The skateboarders stop to gawk at the pool’s deep end as the grey braids of smoke diffuse up into the thick pines, into the shadows the branches hold down, waiting for an explosion that doesn’t come. Refuses to. (Perhaps, this firework, too, has failed to thrive? the grill master wonders.) But then: explosion! A heat. An unleashed wrath shoots upward and launches off the pool’s curving walls into the pines, where a large bird startles high up in the branches. With a flap of enormous wings, its shadow frees itself, soars over them, a vulture, a hawk, no, a bald eagle—majestic and full of glory—up, up, up into the patches of blue skies above, shrieking its rage, piercing at their eardrums, so loudly that even the sunburnt man stops to watch the thing flap and shrink into nothingness. Into memory.
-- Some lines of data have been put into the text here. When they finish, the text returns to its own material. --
(* Let $G$ be a directed graph on vertex set $V$ with $|V|=n$ odd and integer edge weights in $[-M,M]$, $M\ge1$; extend $w$ to all ordered pairs $(u,v)\in V\times V$ (including $u=v$) by setting $w(u,v)=4M$ when $(u,v)$ is not an edge. Let $H=100M$. Let $G'$ be the undirected graph with vertex set $\{u_A,u_B,u_{B'},u_C,u_{C'}:u\in V\}$ and, for all $u,v\in V$ (not necessarily distinct), edges $u_A v_B$ of weight $3H+w(u,v)$, $u_A v_{B'}$ of weight $3H-w(u,v)$, $u_A v_C$ of weight $6H-w(v,u)$, $u_A v_{C'}$ of weight $3H+w(v,u)$, $u_Bv_C$ of weight $3H+w(u,v)$, and (for $u\ne v$) $u_Av_A$ of weight $H$. Let $G'_0$ be $G'$ with every weight multiplied by $4n$, and write $A=\{u_A:u\in V\}$. For $S\subseteq A$ let $G'_S$ be obtained from $G'_0$ by subtracting $1$ from the weight of every edge $s v_B$ and $s v_C$ with $s\in S$, and adding $1$ to the weight of every edge $s v_{B'}$ with $s\in S$. Then the median value $\min_{p}\sum_{q}d_{G'_S}(p,q)$ of $G'_S$ is odd if and only if $S$ contains a vertex $p$ attaining $\min_{p}\sum_q d_{G'}(p,q)$.
   Context: $d_X(p,q)$ denotes shortest-path distance in the weighted graph $X$; sums $\sum_q$ range over all vertices of the graph. *)

From HB Require Import structures.
From mathcomp Require Import all_boot all_order all_algebra.
Set Implicit Arguments. Unset Strict Implicit. Unset Printing Implicit Defensive.
Import Order.TTheory GRing.Theory Num.Theory.
Local Open Scope ring_scope.

(* A weighted graph on a finite vertex type V is given by g : V -> V -> option int,
   g x y = Some c meaning an edge xy of weight c, None meaning no edge. *)

Fixpoint walk_weight (V : Type) (g : V -> V -> option int) (p : V) (s : seq V)
  : option int :=
  match s with
  | [::] => Some 0
  | q :: s' =>
      match g p q, walk_weight g q s' with
      | Some a, Some b => Some (a + b)
      | _, _ => None
      end
  end.

Definition is_dist (V : Type) (g : V -> V -> option int) (p q : V) (d : int) : Prop :=
  (exists s, last p s = q /\ walk_weight g p s = Some d) /\
  (forall s c, last p s = q -> walk_weight g p s = Some c -> d <= c).

Definition wext (T : Type) (E : T -> T -> bool) (w0 : T -> T -> int) (M : int)
  (u v : T) : int := if E u v then w0 u v else 4 * M.

(* Vertices of G': pairs (u, c) with c : 'I_5 encoding the copy:
   0 = A, 1 = B, 2 = B', 3 = C, 4 = C'. *)
Definition clsA : 'I_5 := @Ordinal 5 0 isT.

(* One orientation of the edge list, with all weights multiplied by k and the
   +-1 perturbation for the A-vertices u_A with u in S.  G' = (k = 1, S = set0),
   G'_S = (k = 4n, S). *)
Definition gpre (T : finType) (w : T -> T -> int) (H k : int) (S : {set T})
  (x y : T * 'I_5) : option int :=
  let u := x.1 in let v := y.1 in
  let s : int := (nat_of_bool (u \in S))%:Z in
  match nat_of_ord x.2, nat_of_ord y.2 with
  | 0%N, 1%N => Some (k * (3 * H + w u v) - s)
  | 0%N, 2%N => Some (k * (3 * H - w u v) + s)
  | 0%N, 3%N => Some (k * (6 * H - w v u) - s)
  | 0%N, 4%N => Some (k * (3 * H + w v u))
  | 1%N, 3%N => Some (k * (3 * H + w u v))
  | 0%N, 0%N => if u != v then Some (k * H) else None
  | _, _ => None
  end.

Definition gund (T : finType) (w : T -> T -> int) (H k : int) (S : {set T})
  (x y : T * 'I_5) : option int :=
  match gpre w H k S x y with
  | Some c => Some c
  | None => gpre w H k S y x
  end.

Definition is_median_value (V : finType) (D : V -> V -> int) (m : int) : Prop :=
  (exists p, m = \sum_q D p q) /\ (forall p, m <= \sum_q D p q).

From HB Require Import structures.
From mathcomp Require Import all_boot all_order all_algebra.
From mathcomp Require Import zify.
Set Implicit Arguments. Unset Strict Implicit. Unset Printing Implicit Defensive.
Import Order.TTheory GRing.Theory Num.Theory.
Local Open Scope ring_scope.

(* Distances from an A-vertex u_A have a closed form: the obvious candidate
   values form a feasible potential (no edge shortens them) and each is realised
   by a walk of length at most two, the only detour being u_A x_B v_C, which
   beats the edge u_A v_C exactly when u -> x -> v -> u is a negative triangle.
   Hence the distance sum of u_A in G'_S is 4n times its value in G' minus
   n [u \in S].  Every edge at a non-A vertex is heavy, so non-A vertices have
   strictly larger distance sums and the median of G'_S sits at some u_A.  As
   4n is even and n odd, its parity records whether u \in S, and since the
   perturbation n is below the scale 4n, the minimiser u also minimises the
   distance sum in G', with ties broken in favour of S. *)

Definition potential (V : Type) (g : V -> V -> option int) (psi : V -> int) :=
  forall x y c, g x y = Some c -> psi y <= psi x + c.

Section Potentials.
Variables (V : Type) (g : V -> V -> option int) (psi : V -> int).
Hypothesis psiP : potential g psi.

Lemma potential_walk s p c :
  walk_weight g p s = Some c -> psi (last p s) <= psi p + c.
Proof.
elim: s p c => [|q s IH] p c /=; first by move=> [<-]; rewrite addr0.
case e1: (g p q) => [a|] //; case e2: (walk_weight g q s) => [b|] // [<-].
by have := IH _ _ e2; have := psiP e1; lia.
Qed.

Lemma potential_le_dist p q d : psi p = 0 -> is_dist g p q d -> psi q <= d.
Proof.
by move=> psi_p [[s [<- sd]] _]; have := potential_walk sd; rewrite psi_p add0r.
Qed.

Lemma dist_eq_potential p q d : psi p = 0 ->
  (exists2 s, last p s = q & walk_weight g p s = Some (psi q)) ->
  is_dist g p q d -> d = psi q.
Proof.
move=> psi_p [s sq sw] dP; apply: le_anti.
by rewrite (dP.2 s _ sq sw) (potential_le_dist psi_p dP).
Qed.

End Potentials.

Definition symmetrize (V : Type) (g : V -> V -> option int) (x y : V) :=
  match g x y with Some c => Some c | None => g y x end.

Lemma potential_symmetrize (V : Type) (g : V -> V -> option int) psi :
  (forall x y c, g x y = Some c -> psi y <= psi x + c /\ psi x <= psi y + c) ->
  potential (symmetrize g) psi.
Proof.
move=> gP x y c; rewrite /symmetrize; case exy: (g x y) => [c'|].
  by move=> [<-]; case: (gP _ _ _ exy).
by move=> /gP[].
Qed.

Lemma sum_pair (R : nmodType) (I J : finType) (F : I * J -> R) :
  \sum_q F q = \sum_i \sum_j F (i, j).
Proof. by rewrite pair_bigA; apply: eq_bigr => -[]. Qed.

Lemma odd_perturbed_min (I : finType) (S : {set I}) (f : I -> int)
    (k : int) (n : nat) (m : int) :
  ~~ odd `|k|%N -> odd n -> n%:Z < k ->
  (exists u, m = k * f u - (u \in S)%:Z * n%:Z) ->
  (forall u, m <= k * f u - (u \in S)%:Z * n%:Z) ->
  odd `|m|%N <-> exists u, u \in S /\ forall v, f u <= f v.
Proof.
have oddE x : odd x = (x %% 2 == 1)%N by rewrite modn2; case: odd.
rewrite !oddE => /eqP k_even /eqP n_odd ltnk [u0 ->] m_min.
have [j kE] : exists j : int, k = 2 * j by exists (k %/ 2)%Z; lia.
rewrite kE in ltnk m_min *.
have [u0S|u0S] := boolP (u0 \in S); split => /=.
- move=> _; exists u0; split=> // v; rewrite leNgt; apply/negP => lt_v.
  by have := m_min v; rewrite u0S; case: (v \in S) => /=; nia.
- by move=> _; apply/eqP; lia.
- by move/eqP; lia.
- move=> [u [uS u_min]]; have := m_min u; have := u_min u0.
  by rewrite uS (negbTE u0S) /=; nia.
Qed.

Definition clsB : 'I_5 := @Ordinal 5 1 isT.
Definition clsBp : 'I_5 := @Ordinal 5 2 isT.
Definition clsC : 'I_5 := @Ordinal 5 3 isT.
Definition clsCp : 'I_5 := @Ordinal 5 4 isT.

Lemma gpre_edge_ind (T : finType) (w : T -> T -> int) (H k : int)
    (S : {set T}) (P : T * 'I_5 -> T * 'I_5 -> int -> Prop) :
  let s a : int := (a \in S)%:Z in
  (forall a b, a != b -> P (a, clsA) (b, clsA) (k * H)) ->
  (forall a b, P (a, clsA) (b, clsB) (k * (3 * H + w a b) - s a)) ->
  (forall a b, P (a, clsA) (b, clsBp) (k * (3 * H - w a b) + s a)) ->
  (forall a b, P (a, clsA) (b, clsC) (k * (6 * H - w b a) - s a)) ->
  (forall a b, P (a, clsA) (b, clsCp) (k * (3 * H + w b a))) ->
  (forall a b, P (a, clsB) (b, clsC) (k * (3 * H + w a b))) ->
  forall x y c, gpre w H k S x y = Some c -> P x y c.
Proof.
move=> s hAA hAB hABp hAC hACp hBC [a [i hi]] [b [j hj]] c; rewrite /gpre /=.
case: i hi => [|[|[|[|[|i]]]]] hi; case: j hj => [|[|[|[|[|j]]]]] hj //=;
  rewrite ?(bool_irrelevance hi isT) ?(bool_irrelevance hj isT).
- by case: ifP => // neq_ab [<-]; apply: hAA.
- by move=> [<-]; apply: hAB.
- by move=> [<-]; apply: hABp.
- by move=> [<-]; apply: hAC.
- by move=> [<-]; apply: hACp.
- by move=> [<-]; apply: hBC.
Qed.

Lemma wext_bounds (T : Type) (E : T -> T -> bool) (w0 : T -> T -> int) M :
  1 <= M -> (forall u v, E u v -> - M <= w0 u v <= M) ->
  forall u v, - M <= wext E w0 M u v <= 4 * M.
Proof.
move=> M_ge1 w0_bd u v; rewrite /wext; case: ifP => [/w0_bd|_]; lia.
Qed.

Section Distances.
Variables (T : finType) (w : T -> T -> int) (M : int).
Hypothesis M_ge1 : 1 <= M.
Hypothesis w_bd : forall u v, - M <= w u v <= 4 * M.
Local Notation H := (100 * M).
Local Notation n := (#|T|%:Z).

(* The neutral element 0 stands for the direct edge u_A v_C. *)
Definition min_triangle (u v : T) : int :=
  \big[Order.min/0]_x (w u x + w x v + w v u).

Lemma min_triangle_le0 u v : min_triangle u v <= 0.
Proof. exact: bigmin_le_id. Qed.

Lemma min_triangle_le u v x : min_triangle u v <= w u x + w x v + w v u.
Proof. exact: bigmin_le. Qed.

Lemma min_triangle_ge u v : - (3 * M) <= min_triangle u v.
Proof.
apply: le_bigmin => [|x _]; first lia.
by have := w_bd u x; have := w_bd x v; have := w_bd v u; lia.
Qed.

Lemma min_triangleP u v :
  min_triangle u v = 0 \/ exists x, min_triangle u v = w u x + w x v + w v u.
Proof.
rewrite /min_triangle; elim/big_ind: _ => [|a b ha hb|x _]; first by left.
- by case: leP => _; [apply: ha | apply: hb].
- by right; exists x.
Qed.

Definition distA (k : int) (S : {set T}) (u : T) (y : T * 'I_5) : int :=
  let v := y.1 in let s : int := (u \in S)%:Z in
  match nat_of_ord y.2 with
  | 0%N => if v == u then 0 else k * H
  | 1%N => k * (3 * H + w u v) - s
  | 2%N => k * (3 * H - w u v) + s
  | 3%N => k * (6 * H - w v u + min_triangle u v) - s
  | _ => k * (3 * H + w v u)
  end.

Lemma distA_potential k S u : 1 <= k -> potential (gund w H k S) (distA k S u).
Proof.
move=> k_ge1; apply: potential_symmetrize.
apply: gpre_edge_ind => a b; rewrite /distA /=.
- move=> _; case: (a == u); case: (b == u); split; nia.
- have := w_bd u b; have := w_bd a b.
  case: (eqVneq a u) => [->|_]; case: (u \in S); case: (a \in S) => /=; split; nia.
- have := w_bd u b; have := w_bd a b.
  case: (eqVneq a u) => [->|_]; case: (u \in S); case: (a \in S) => /=; split; nia.
- have := w_bd b u; have := w_bd b a.
  have := min_triangle_le0 u b; have := min_triangle_ge u b.
  case: (eqVneq a u) => [->|_]; case: (u \in S); case: (a \in S) => /=; split; nia.
- have := w_bd b u; have := w_bd b a.
  case: (eqVneq a u) => [->|_]; split; nia.
- have := w_bd u a; have := w_bd a b; have := w_bd b u.
  have := min_triangle_le u b a.
  have := min_triangle_le0 u b; have := min_triangle_ge u b.
  case: (u \in S) => /=; split; nia.
Qed.

Lemma dist_from_A k S u y d : 1 <= k ->
  is_dist (gund w H k S) (u, clsA) y d -> d = distA k S u y.
Proof.
move=> k_ge1; apply: (dist_eq_potential (@distA_potential k S u k_ge1)).
  by rewrite /distA /= eqxx.
case: y => v [[|[|[|[|[|//]]]]] hj]; rewrite ?(bool_irrelevance hj isT).
- case: (eqVneq v u) => [->|neq_vu].
    by exists [::] => //; rewrite /distA /= eqxx.
  exists [:: (v, clsA)] => //.
  by rewrite /= /gund /gpre /= eq_sym neq_vu /distA /= (negbTE neq_vu) addr0.
- by exists [:: (v, clsB)]; rewrite //= addr0.
- by exists [:: (v, clsBp)]; rewrite //= addr0.
- have [tri0|[x trix]] := min_triangleP u v.
    by exists [:: (v, clsC)]; rewrite //= /distA /= tri0 !addr0.
  by exists [:: (x, clsB); (v, clsC)]; rewrite //= /distA /= trix; congr Some; lia.
- by exists [:: (v, clsCp)]; rewrite //= addr0.
Qed.

(* Edges at a non-A vertex weigh at least e, and at least k (3H - M) between
   copies B and C; so two steps cost at least 2e unless they use such an edge. *)
Definition nonA_lb (k : int) (u : T) (i : 'I_5) (y : T * 'I_5) : int :=
  let e := k * (3 * H - 4 * M) - 1 in
  if (y.1 == u) && (y.2 == i) then 0
  else if y.2 == clsA then e
  else if [&& i == clsB & y.2 == clsC] || [&& i == clsC & y.2 == clsB]
    then k * (3 * H - M)
  else 2 * e.

Lemma nonA_lb_potential k S u i : i != clsA -> 1 <= k ->
  potential (gund w H k S) (nonA_lb k u i).
Proof.
move=> iA k_ge1; apply: potential_symmetrize; apply: gpre_edge_ind => a b;
  [move=> _|..]; rewrite /nonA_lb /=; have := w_bd a b; have := w_bd b a;
  case: (a \in S); case: (a == u); case: (b == u);
  case: i iA => [[|[|[|[|[|//]]]]] hi] //= _; split; nia.
Qed.

Lemma dist_from_nonA_ge k S u i q d : i != clsA -> 1 <= k ->
  is_dist (gund w H k S) (u, i) q d -> nonA_lb k u i q <= d.
Proof.
move=> iA k_ge1.
apply: (potential_le_dist (@nonA_lb_potential k S u i iA k_ge1)).
by rewrite /nonA_lb /= !eqxx.
Qed.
And in the blast’s wake? Aside from the tattered box and ruined pool slick with charcoal, confetti, and myriad destruction that’d surely bite into the steady roll of any skateboard wheels? There’s something else: this rope: this rattling sound: this glitching movement in the pool that makes no sense: a missing puzzle piece of movement where there should’ve been none: a reptile that must’ve fallen from the eagle’s mouth as it raged against the blast: a snake with a rattle, a diamond-shaped head: red eyes staring back.
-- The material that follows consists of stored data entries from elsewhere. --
(* For a composition $I$, let $\mathcal C_I=\sum_{\sigma:\ \mathrm{SC}(\sigma)=I}\mathbf G_\sigma\in\mathbf{FQSym}$ (with $\mathcal C_{\emptyset}=\mathbf G_{\emptyset}=1$). Then the elements $\mathcal C_I$ span a sub-coalgebra of $\mathbf{FQSym}$; more precisely, for every composition $I$ there are nonnegative integers $a_I^{JK}$ such that $$\Delta\,\mathcal C_I=\sum_{J,K}a_I^{JK}\,\mathcal C_J\otimes\mathcal C_K,$$ the sum running over pairs of (possibly empty) compositions $J,K$.
   Context: Permutations are viewed as words. A word $a_1\cdots a_m$ is initially dominated if $a_1>a_j$ for all $j\ge2$; every permutation $\sigma$ factors uniquely as $\sigma=u_1\cdots u_r$ into initially dominated words with increasing first letters, and its saillance composition is $\mathrm{SC}(\sigma)=(|u_1|,\ldots,|u_r|)$. $\mathbf{FQSym}$ is the Hopf algebra of free quasi-symmetric functions (over $\mathbb Q$), with basis $\mathbf G_\sigma$, $\sigma$ ranging over all permutations of all sizes $n\ge0$, and coproduct $\Delta\mathbf G_\sigma=\sum_{k=0}^{n}\mathbf G_{\sigma|_{[1,k]}}\otimes\mathbf G_{\mathrm{std}(\sigma|_{[k+1,n]})}$ for $\sigma\in\mathfrak S_n$, where $\sigma|_{[a,b]}$ is the subword of $\sigma$ formed by the letters in $[a,b]$ and $\mathrm{std}$ denotes standardization. *)

From mathcomp Require Import all_boot all_order all_algebra.
Set Implicit Arguments. Unset Strict Implicit. Unset Printing Implicit Defensive.
Import GRing.Theory Num.Theory.

Definition is_permw (w : seq nat) : bool := perm_eq w (iota 1 (size w)).

Definition is_composition (I : seq nat) : bool := all (fun i => 0 < i) I.

Definition init_dominated (u : seq nat) : bool :=
  if u is a :: t then all (fun x => x < a) t else false.

Definition is_saillance_fact (u : seq (seq nat)) (s : seq nat) : bool :=
  [&& flatten u == s, all init_dominated u &
      sorted ltn [seq head 0 x | x <- u]].

(* Computation of the saillance composition: the greedy scan which starts a
   new factor exactly when the next letter exceeds the first letter of the
   current factor.  [m] is the first letter of the current factor and [cur]
   its length so far. *)
Fixpoint sc_aux (m cur : nat) (s : seq nat) : seq nat :=
  match s with
  | [::] => [:: cur]
  | x :: t => if m < x then cur :: sc_aux x 1 t else sc_aux m cur.+1 t
  end.

Definition SC (s : seq nat) : seq nat :=
  if s is x :: t then sc_aux x 1 t else [::].

Definition restrict (s : seq nat) (a b : nat) : seq nat :=
  [seq x <- s | (a <= x) && (x <= b)].

Definition std (w : seq nat) : seq nat :=
  [seq (count (fun y => y < x) w).+1 | x <- w].

(* An element of FQSym (coefficients in Q) is given by its coefficient
   function on the basis G_sigma; an element of FQSym (x) FQSym by its
   coefficient function on the basis G_alpha (x) G_beta. *)

(* Coefficients of Delta G_sigma, sigma in S_n:
   Delta G_sigma = sum_{k=0}^n G_{sigma|[1,k]} (x) G_{std(sigma|[k+1,n])}. *)
Definition DeltaG (s : seq nat) (al be : seq nat) : rat :=
  \sum_(k < (size s).+1)
     ((al == restrict s 1 k) && (be == std (restrict s k.+1 (size s))))%:R.

Definition Cc (I : seq nat) (s : seq nat) : rat :=
  (is_permw s && (SC s == I))%:R.

(* Delta C_I, computed by linearity: all sigma with SC(sigma) = I lie in
   S_n with n = |I| = sumn I. *)
Definition DeltaC (I : seq nat) (al be : seq nat) : rat :=
  \sum_(s <- permutations (iota 1 (sumn I))) Cc I s * DeltaG s al be.

(* The coefficient of G_al (x) G_be in Delta C_I counts the permutations s of
   size |I| with SC(s) = I whose letters <= k = |al| spell al and whose other
   letters spell be shifted by k; such an s is the interleaving of al and be+k
   along the mask marking its large letters.  The saillance composition of a
   word is determined by its records (left-to-right maxima), and the records of
   such an interleaving depend only on the mask and on the records of al and
   be: up to the first large letter they are those of al, afterwards those of
   be.  So exchanging (al, be) for another pair with the same saillance
   compositions, keeping the mask, is an injection between the two sets of
   permutations; the coefficient thus depends only on (SC al, SC be), and that
   common value is a_I^{JK}. *)

From mathcomp Require Import all_boot all_order all_algebra.
Import GRing.Theory Num.Theory.
Set Implicit Arguments. Unset Strict Implicit. Unset Printing Implicit Defensive.

Fixpoint records (M : nat) (s : seq nat) : bitseq :=
  if s is x :: t then (M < x) :: records (maxn M x) t else [::].

Lemma records_shift k M v : records (k + M) (map (addn k) v) = records M v.
Proof. by elim: v M => //= x v IH M; rewrite ltn_add2l -addn_maxr IH. Qed.

Lemma sc_aux_records m m' c t t' :
  records m t = records m' t' -> sc_aux m c t = sc_aux m' c t'.
Proof.
elim: t t' m m' c => [|x t IH] [|x' t'] m m' c //= [lt_eq].
rewrite /maxn -lt_eq; case: ifP => _ /IH ->; by rewrite ?lt_eq.
Qed.

Lemma SC_eq_of_records s s' : all (fun x => 0 < x) s -> all (fun x => 0 < x) s' ->
  records 0 s = records 0 s' -> SC s = SC s'.
Proof.
case: s => [|x t]; case: s' => [|x' t'] //= /andP[x_gt0 _] /andP[x'_gt0 _].
by rewrite !max0n x_gt0 x'_gt0 => -[/sc_aux_records ->].
Qed.

Lemma sumn_SC s : sumn (SC s) = size s.
Proof.
case: s => //= x t.
suff sumn_sc_aux m c : sumn (sc_aux m c t) = c + size t by rewrite sumn_sc_aux add1n.
elim: t m c => [|y t IH] m c /=; first by rewrite !addn0.
by case: ifP => _; rewrite /= IH ?add1n ?addSnnS.
Qed.

Lemma SC_composition s : is_composition (SC s).
Proof.
case: s => //= x t; rewrite /is_composition.
suff sc_pos c m : 0 < c -> all (fun i => 0 < i) (sc_aux m c t) by exact: sc_pos.
elim: t m c => [|y t IH] m c c_pos /=; first by rewrite c_pos.
by case: ifP => _; rewrite /= ?c_pos IH.
Qed.

Definition block_starts (I : seq nat) : bitseq :=
  flatten [seq true :: nseq i.-1 false | i <- I].

Lemma records_sc_aux m c t : 0 < c ->
  true :: nseq c.-1 false ++ records m t = block_starts (sc_aux m c t).
Proof.
elim: t m c => [|x t IH] m c c_gt0 /=; first by rewrite cats0 /block_starts /= cats0.
rewrite /maxn; case: ifP => _; last first.
  rewrite -IH //; case: c c_gt0 => // c _ /=.
  by congr (_ :: _); elim: c => //= c ->.
by rewrite /block_starts /= -/(block_starts _) -IH.
Qed.

Lemma records_SC s : all (fun x => 0 < x) s -> records 0 s = block_starts (SC s).
Proof.
by case: s => //= x t /andP[x_gt0 _]; rewrite x_gt0 max0n -records_sc_aux.
Qed.

Fixpoint interleave (m : bitseq) (u v : seq nat) : seq nat :=
  if m is b :: m' then
    if b then head 0 v :: interleave m' u (behead v)
    else head 0 u :: interleave m' (behead u) v
  else [::].

Definition high_mask (k : nat) (s : seq nat) : bitseq := [seq k < x | x <- s].

Lemma interleave_high_mask k s :
  interleave (high_mask k s) [seq x <- s | x <= k] [seq x <- s | k < x] = s.
Proof.
rewrite /high_mask; elim: s => // x s IH /=.
by case: leqP => _ /=; rewrite IH.
Qed.

Lemma interleave_split m k u v :
  all (fun x => x <= k) u -> all (fun x => k < x) v ->
  count negb m = size u -> count id m = size v ->
  let w := interleave m u v in
  [/\ high_mask k w = m, [seq x <- w | x <= k] = u & [seq x <- w | k < x] = v].
Proof.
elim: m u v => [|[] m IH] u v u_le v_gt /=.
- by case: u u_le; case: v v_gt.
- case: v v_gt => [|y v] //= /andP[y_gt v_gt] u_cnt [v_cnt].
  by have [-> -> ->] := IH _ _ u_le v_gt u_cnt v_cnt; rewrite y_gt leqNgt y_gt.
- case: u u_le => [|x u] //= /andP[x_le u_le] [u_cnt] v_cnt.
  by have [-> -> ->] := IH _ _ u_le v_gt u_cnt v_cnt; rewrite x_le ltnNge x_le.
Qed.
“Seriously, what the what?” The skateboarders exchange glances, shrug. Repeat this process again. What do you do in a situation like this? Bash the rattler with a rock? Coax it out with a stick? There were no obvious answers. No other actions to take than to turn toward the sunburnt man with murder in their eyes, as if he’d conjured the snake on purpose. And this drunk dayglo dickhead, you know what he does?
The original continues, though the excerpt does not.